[Dataset entries]
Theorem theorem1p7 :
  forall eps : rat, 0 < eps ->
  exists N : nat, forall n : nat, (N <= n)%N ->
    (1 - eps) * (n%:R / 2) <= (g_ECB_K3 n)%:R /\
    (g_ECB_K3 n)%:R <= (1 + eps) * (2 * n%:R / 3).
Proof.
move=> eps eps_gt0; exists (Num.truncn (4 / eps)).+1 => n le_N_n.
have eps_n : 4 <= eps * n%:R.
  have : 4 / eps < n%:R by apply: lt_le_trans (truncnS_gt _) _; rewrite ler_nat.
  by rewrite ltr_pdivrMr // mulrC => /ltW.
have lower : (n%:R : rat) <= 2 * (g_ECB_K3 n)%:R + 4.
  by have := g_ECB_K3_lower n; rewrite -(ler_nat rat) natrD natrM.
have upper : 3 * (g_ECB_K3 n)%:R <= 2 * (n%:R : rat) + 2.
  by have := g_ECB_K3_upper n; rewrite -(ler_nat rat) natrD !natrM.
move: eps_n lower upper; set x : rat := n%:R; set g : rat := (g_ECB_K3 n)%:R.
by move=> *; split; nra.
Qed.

[Work to complete] Would you give the number of lines of the data that include the string "natrD"? Nothing else is wanted.

[Answer to this problem] 2